I’m trying to learn exactly what it means to prove a program correct. I’m starting from scratch and getting hung up on the first steps/the introduction to the topic.

In this paper on total functional programming, two definitions of the fibonacci function are given. The traditional one:

fib 0 = 0
fib 1 = 1
fib n = fib (n-1) + fib (n-2)
--fib (n+2) = fib (n+1) + fib (n+2) --The definition as given in the paper 
                                    --It seems incorrect to me. Typo?
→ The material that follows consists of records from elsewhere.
(* Let $n\geq 3$ and consider the $n$-cycle scenario. For every nondisturbing strongly contextual behavior $\{p_1,\dots,p_n\}$ there exist $k\in\{1,\dots,n\}$ and $(a_1,\dots,a_n)\in\{0,1\}^n$ (with $a_{n+1}:=a_1$) such that $\bar p_k(a_k,\lnot a_{k+1})=\bar p_k(\lnot a_k,a_{k+1})=1$ and $\bar p_k(a_k,a_{k+1})=\bar p_k(\lnot a_k,\lnot a_{k+1})=0$, and for every $i\neq k$, $\bar p_i(a_i,a_{i+1})=\bar p_i(\lnot a_i,\lnot a_{i+1})=1$ and $\bar p_i(a_i,\lnot a_{i+1})=\bar p_i(\lnot a_i,a_{i+1})=0$, where $\lnot x=1-x$.
   Context: The $n$-cycle scenario has measurements $M_1,\dots,M_n$ with outcomes in $\{0,1\}$ and contexts $\{M_i,M_{i+1}\}$, indices mod $n$. A behavior is a family of probability distributions $p_i$ on $\{0,1\}^2$, $p_i(x,y)$ the probability that $M_i=x$, $M_{i+1}=y$; it is nondisturbing if $\sum_y p_i(y,x)=\sum_y p_{i+1}(x,y)$ for all $i,x$. Set $\bar p_i(x,y)=1$ if $p_i(x,y)>0$ and $0$ otherwise. The behavior is strongly contextual if there is no $t\in\{0,1\}^n$ with $p_i(t_i,t_{i+1})>0$ for all $i$. *)

From HB Require Import structures.
From mathcomp Require Import all_boot all_order all_algebra.
Set Implicit Arguments. Unset Strict Implicit. Unset Printing Implicit Defensive.
Import Order.TTheory GRing.Theory Num.Theory.
Local Open Scope ring_scope.

(* n-cycle scenario: measurements M_0..M_{n-1} indexed by 'I_n, outcomes bool
   (false = 0, true = 1); context i is {M_i, M_{i+1 mod n}}; the cyclic
   successor is fintype's [ordS] (value i.+1 %% n).
   A behavior is p : 'I_n -> bool -> bool -> R, p i x y = Prob(M_i = x, M_{i+1} = y). *)

Definition behavior (R : realFieldType) (n : nat) := 'I_n -> bool -> bool -> R.

Definition is_behavior (R : realFieldType) (n : nat) (p : behavior R n) : Prop :=
  forall i : 'I_n,
    (forall x y, 0 <= p i x y) /\ \sum_(x : bool) \sum_(y : bool) p i x y = 1.

Definition nondisturbing (R : realFieldType) (n : nat) (p : behavior R n) : Prop :=
  forall (i : 'I_n) (x : bool),
    \sum_(y : bool) p i y x = \sum_(y : bool) p (ordS i) x y.

Definition pbar (R : realFieldType) (n : nat) (p : behavior R n)
  (i : 'I_n) (x y : bool) : bool := 0 < p i x y.

Definition strongly_contextual (R : realFieldType) (n : nat) (p : behavior R n) : Prop :=
  ~ exists t : 'I_n -> bool, forall i : 'I_n, 0 < p i (t i) (t (ordS i)).

From HB Require Import structures.
From mathcomp Require Import all_boot all_order all_algebra.
From mathcomp Require Import lra.
Import Order.TTheory GRing.Theory Num.Theory.

(* Let m_i(x) be the marginal of M_i.  If some m_i(x) vanished, the value
   ~x would be forced at M_i; following the support of the p_j from it once
   around the cycle (nondisturbance keeps the current value in the support of
   the next marginal) returns to ~x and yields a global section.  So every
   support has nonempty rows and columns and contains a perfect matching
   x |-> x (+) c_i.  Matchings whose parities sum to 0 glue to a global
   section, so the parity of c is odd; then any further support point would
   complete a global section using that point and the matchings elsewhere.
   Hence each support is exactly its matching, and the prefix parities of c
   give the vector a, with the defect in the last context. *)

Definition has_global_section {n} (S : 'I_n -> bool -> bool -> bool) :=
  exists t : 'I_n -> bool, forall i, S i (t i) (t (ordS i)).

Lemma ordS_addr n (i s : 'I_n.+1) : ordS (i + s)%R = (ordS i + s)%R.
Proof.
by apply: val_inj => /=; rewrite modnDml -[in LHS]addn1 modnDml addnAC addn1.
Qed.

Lemma ltn_ord_max n (i : 'I_n.+1) : (i < n)%N = (i != ord_max).
Proof. by rewrite -(inj_eq val_inj) /= ltn_neqAle -ltnS ltn_ord andbT. Qed.

Lemma val_ordS n (i : 'I_n.+1) : val (ordS i) = if (i < n)%N then i.+1 else 0%N.
Proof.
rewrite ltn_ord_max; case: eqP => [-> | /eqP ne] /=; first by rewrite modnn.
by rewrite modn_small // ltnS ltn_ord_max.
Qed.

Lemma ordS_inord n m : (m < n)%N -> ordS (inord m : 'I_n.+1) = inord m.+1.
Proof.
move=> lt_mn; have lt_m : (m < n.+1)%N by apply: ltnW.
by apply: val_inj; rewrite val_ordS inordK // lt_mn /= inordK.
Qed.

Lemma ordS_ord_max n : ordS (ord_max : 'I_n.+1) = ord0.
Proof. by apply: val_inj; rewrite val_ordS ltnn. Qed.

Lemma inord0 n : inord 0 = ord0 :> 'I_n.+1.
Proof. by apply: val_inj; rewrite /= inordK. Qed.

Lemma inord_max n : inord n = ord_max :> 'I_n.+1.
Proof. by apply: val_inj; rewrite /= inordK. Qed.

Section CyclicSections.
Variables (n : nat) (S : 'I_n.+1 -> bool -> bool -> bool).

Lemma global_section_shift (s : 'I_n.+1) :
  has_global_section (fun i => S (i + s)%R) -> has_global_section S.
Proof.
case=> t St; exists (fun i => t (i - s)%R) => i.
by have := St (i - s)%R; rewrite ordS_addr subrK.
Qed.

Lemma global_section_of_seq (t : nat -> bool) :
  (forall i : 'I_n.+1, (i < n)%N -> S i (t i) (t i.+1)) ->
  S ord_max (t n) (t 0%N) -> has_global_section S.
Proof.
move=> St Sn; exists (fun i => t (val i)) => i; rewrite val_ordS.
by case: ifP => [/St // |]; rewrite ltn_ord_max => /negbFE/eqP ->.
Qed.

Variable P : 'I_n.+1 -> bool -> bool.
Hypothesis S_P : forall {i x y}, S i x y -> P (ordS i) y.
Hypothesis P_S : forall i x, P i x -> exists y, S i x y.

Let S_next {i x} : P i x -> S i x (S i x true).
Proof.
case/P_S => y Sxy; case Sxt: (S i x true) => //.
by case: y Sxy; rewrite ?Sxt.
Qed.

Lemma global_section_of_forced_value0 v :
  P ord0 v -> ~~ P ord0 (~~ v) -> has_global_section S.
Proof.
move=> Pv nPv; pose t m := iteri m (fun k x => S (inord k) x true) v.
have Pt m : (m <= n)%N -> P (inord m) (t m).
  elim: m => [_ | m IHm lt_mn]; first by rewrite inord0.
  by rewrite -ordS_inord //; apply: S_P (S_next (IHm (ltnW lt_mn))).
apply: (@global_section_of_seq t) => [i _ | ].
  by have := S_next (Pt i (ltn_ord i)); rewrite /t /= inord_val.
have Pn : P ord_max (t n) by rewrite -inord_max; apply: Pt.
have := S_P (S_next Pn); rewrite ordS_ord_max => Pw.
suff -> : t 0%N = S ord_max (t n) true by apply: S_next.
by move: Pv nPv Pw; rewrite /t /=; case: (S _ _ true); case: (v) => // _ /negbTE ->.
Qed.

End CyclicSections.

Lemma global_section_of_forced_value n (S : 'I_n.+1 -> bool -> bool -> bool)
    (P : 'I_n.+1 -> bool -> bool) j v :
  (forall i x y, S i x y -> P (ordS i) y) ->
  (forall i x, P i x -> exists y, S i x y) ->
  P j v -> ~~ P j (~~ v) -> has_global_section S.
Proof.
move=> S_P P_S Pv nPv; apply: (@global_section_shift _ _ j).
apply: (@global_section_of_forced_value0 _ _ (fun i => P (i + j)%R) _ _ v).
- by move=> i x y; rewrite -ordS_addr; apply: S_P.
- by move=> i x; apply: P_S.
- by rewrite add0r.
- by rewrite add0r.
Qed.

Definition prefix_xor {n} (c : 'I_n.+1 -> bool) (m : nat) : bool :=
  \big[addb/false]_(k < m) c (inord k).

Lemma prefix_xor0 n (c : 'I_n.+1 -> bool) : prefix_xor c 0 = false.
Proof. exact: big_ord0. Qed.

Lemma prefix_xorS n (c : 'I_n.+1 -> bool) m :
  prefix_xor c m.+1 = prefix_xor c m (+) c (inord m).
Proof. exact: big_ord_recr. Qed.

Section MatchingSupport.
Variables (n : nat) (S : 'I_n.+1 -> bool -> bool -> bool) (c : 'I_n.+1 -> bool).
Hypothesis S_matching : forall i x, S i x (x (+) c i).

Lemma global_section_of_matching y :
  S ord_max (y (+) prefix_xor c n) y -> has_global_section S.
Proof.
move=> Sn; apply: (@global_section_of_seq _ _ (fun m => y (+) prefix_xor c m)) => [i _ |].
  by rewrite prefix_xorS inord_val addbA.
by rewrite prefix_xor0 addbF.
Qed.

Hypothesis no_section : ~ has_global_section S.

Lemma matching_parity_odd : prefix_xor c n (+) c ord_max.
Proof.
apply/negPn/negP => /negbTE even; apply: no_section.
by apply: (global_section_of_matching false); rewrite /= -[X in S _ _ X]even.
Qed.

Lemma matching_support_max x y : S ord_max x y -> x (+) y = c ord_max.
Proof.
move=> Sxy; case: (eqVneq (x (+) y) (c ord_max)) => // ne; case: no_section.
apply: (global_section_of_matching y).
suff -> : y (+) prefix_xor c n = x by [].
by move: matching_parity_odd ne; case: (x) (y) (c _) (prefix_xor c n) => [] [] [] [].
Qed.

End MatchingSupport.

Lemma matching_supportE n (S : 'I_n.+1 -> bool -> bool -> bool) c :
  (forall i x, S i x (x (+) c i)) -> ~ has_global_section S ->
  forall i x y, S i x y = (x (+) y == c i).
Proof.
move=> S_matching no_section i x y.
apply/idP/eqP => [Sxy | xy_c]; last by rewrite -(addKb x y) xy_c.
pose s := (i - ord_max)%R; have i_def : (ord_max + s)%R = i by rewrite addrC subrK.
rewrite -i_def.
apply: (@matching_support_max _ (fun j => S (j + s)%R) (fun j => c (j + s)%R)).
- by move=> j z; apply: S_matching.
- by move=> sec; apply: no_section; apply: global_section_shift sec.
- by rewrite i_def.
Qed.

Lemma bool_rel_matching (S : bool -> bool -> bool) :
  (forall x, exists y, S x y) -> (forall y, exists x, S x y) ->
  exists c, forall x, S x (x (+) c).
Proof.
move=> rows cols; exists (~~ (S false false && S true true)).
have row x : S x false || S x true by have [[] ->] := rows x; rewrite ?orbT.
have col y : S false y || S true y by have [[] ->] := cols y; rewrite ?orbT.
move: (row false) (row true) (col false) (col true).
case e00: (S false false); case e01: (S false true);
  case e10: (S true false); case e11: (S true true) => //= _ _ _ _ [] /=;
  by rewrite ?e00 ?e01 ?e10 ?e11.
Qed.

Lemma xor_eq_pattern x y e : y = x (+) e ->
  [/\ (x (+) y == e) = true, (~~ x (+) ~~ y == e) = true,
      (x (+) ~~ y == e) = false & (~~ x (+) y == e) = false].
Proof. by move=> ->; case: x e => [] []. Qed.

Local Open Scope ring_scope.

Lemma sumr_gt0_exists (R : numDomainType) (I : finType) (F : I -> R) :
  (forall i, 0 <= F i) -> 0 < \sum_i F i -> exists i, 0 < F i.
Proof.
move=> F_ge0 /lt0r_neq0/eqP/(psumr_neq0P (fun i _ => F_ge0 i)) [i /andP[_ Fi]].
by exists i.
Qed.

Definition marginal {R : realFieldType} {n} (p : behavior R n) (i : 'I_n) (x : bool)
  : R :=
  \sum_(y : bool) p i x y.

Section Behavior.
Variables (R : realFieldType) (n : nat) (p : behavior R n.+1).
Hypotheses (p_behavior : is_behavior p) (p_nondisturbing : nondisturbing p).

Let p_ge0 i x y : 0 <= p i x y. Proof. by have [ge0 _] := p_behavior i. Qed.

Lemma marginal_ordS i y : marginal p (ordS i) y = \sum_(x : bool) p i x y.
Proof. by rewrite /marginal -p_nondisturbing. Qed.

Lemma pbar_marginal_gt0 i x y : pbar p i x y -> 0 < marginal p (ordS i) y.
Proof.
rewrite /pbar marginal_ordS big_bool /=.
by have := p_ge0 i true y; have := p_ge0 i false y; case: x; lra.
Qed.

Lemma marginal_gt0_pbar i x : 0 < marginal p i x -> exists y, pbar p i x y.
Proof. exact: sumr_gt0_exists. Qed.

Lemma marginal_ordS_gt0_pbar i y :
  0 < marginal p (ordS i) y -> exists x, pbar p i x y.
Proof. by rewrite marginal_ordS; apply: sumr_gt0_exists. Qed.

Lemma marginalN_gt0 i x : ~~ (0 < marginal p i x) -> 0 < marginal p i (~~ x).
Proof.
have [_] := p_behavior i; rewrite big_bool -leNgt /marginal.
by case: x => /=; lra.
Qed.

Hypothesis p_strongly_contextual : strongly_contextual p.

Lemma marginal_gt0 i x : 0 < marginal p i x.
Proof.
apply/negPn/negP => m0; apply: p_strongly_contextual.
pose positive_marginal i x := 0 < marginal p i x.
apply: (@global_section_of_forced_value _ (pbar p) positive_marginal i (~~ x)).
- exact: pbar_marginal_gt0.
- exact: marginal_gt0_pbar.
- exact: marginalN_gt0.
- by rewrite negbK.
Qed.

Lemma pbar_xor_matching :
  exists c, forall i x y, pbar p i x y = (x (+) y == c i).
Proof.
have /fin_all_exists [c matching] : forall i, exists c, forall x, pbar p i x (x (+) c).
  move=> i; apply: bool_rel_matching => [x | y].
    exact/marginal_gt0_pbar/marginal_gt0.
  exact/marginal_ordS_gt0_pbar/marginal_gt0.
by exists c; apply: matching_supportE.
Qed.

End Behavior.

Theorem theorem5 (R : realFieldType) (n : nat) (hn : (3 <= n)%N)
  (p : behavior R n) :
  is_behavior p -> nondisturbing p -> strongly_contextual p ->
  exists (k : 'I_n) (a : 'I_n -> bool),
    [/\ pbar p k (a k) (~~ a (ordS k)) = true,
        pbar p k (~~ a k) (a (ordS k)) = true,
        pbar p k (a k) (a (ordS k)) = false
      & pbar p k (~~ a k) (~~ a (ordS k)) = false] /\
    forall i : 'I_n, i != k ->
      [/\ pbar p i (a i) (a (ordS i)) = true,
          pbar p i (~~ a i) (~~ a (ordS i)) = true,
          pbar p i (a i) (~~ a (ordS i)) = false
        & pbar p i (~~ a i) (a (ordS i)) = false].
Proof.
(* the bound [3 <= n] is only needed to exclude [n = 0] *)
case: n hn p => [|n] // _ p p_behavior p_nondisturbing p_sc.
have [c pbarE] := @pbar_xor_matching _ _ p p_behavior p_nondisturbing p_sc.
have odd : prefix_xor c n (+) c ord_max.
  by apply: (@matching_parity_odd _ (pbar p)) => // i x; rewrite pbarE addKb.
pose a (i : 'I_n.+1) := prefix_xor c i.
have a_ordS i : a (ordS i) = a i (+) c i (+) (i == ord_max).
  rewrite /a val_ordS ltn_ord_max; case: eqP => [-> | _] /=.
    by rewrite prefix_xor0; move: odd; case: (prefix_xor _ _) (c _) => [] [].
  by rewrite prefix_xorS inord_val addbF.
exists ord_max, a; split => [|i ne_ik]; rewrite !pbarE.
- have := xor_eq_pattern (a ord_max) (~~ a (ordS ord_max)) (c ord_max).
  by rewrite !negbK; apply; rewrite a_ordS eqxx addbT negbK.
- by apply: (xor_eq_pattern (a i)); rewrite a_ordS (negbTE ne_ik) addbF.
Qed.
and a tail recursive version I had never seen before:

fib' n = f n 0 1
f 0 a b = a
f n a b = f (n-1) b (a+b)

The paper then claimed that it is “straightforward” to prove by induction that both functions return the same result for all positive Integers n. This is the first time I’ve thought of analysing programs like this. It’s quite interesting to think that you can prove that two programs are equivilent, so I immediately tried to do this proof by induction myself. Either my maths skills are rusty or the task is not actually all that straightforward.

I proved for n = 1

fib' 1 = f 1 0 1
       = f 0 1 1
       = 1
fib 1  = 1 (By definition)
therefore
fib' n = fib n for n = 1

I made the n = k assumption

fib' k  = fib k
f k 0 1 = fib k

I start trying to prove that if the assumption holds true, then the functions are also equivilant for n = k + 1 (and hence they are all equivalent for all n >= 1 QED)

fib' (k+1)  = fib (k+1)
f (k+1) 0 1 = fib k + fib (k-1)

I’ve tried various manipulations, substituting the assumption in at the right time and so on, but I just can’t get LHS to equal RHS and therefore prove that the functions/programs are equivalent. What am I missing? The paper mentions that the task is equivalent to proving

f n (fib p) (fib (p+1)) = fib (p+n)

by induction for arbitrary p. But I don’t see how that’s true at all. How did the authors arrive at this equation? That’s a valid transformation on the equation only if p = 0. I don’t see how that means it works for arbitrary p. To prove it for arbitrary p requires you to go through another layer of induction. Surely the correct formula to prove would be

fib' (n+p)  = fib (n+p)
f (n+p) 0 1 = fib (n+p)

So far that hasn’t helped either. Can anyone show me how the induction would be done? Or link to a page that shows the proof (I did search, couldn’t find anything).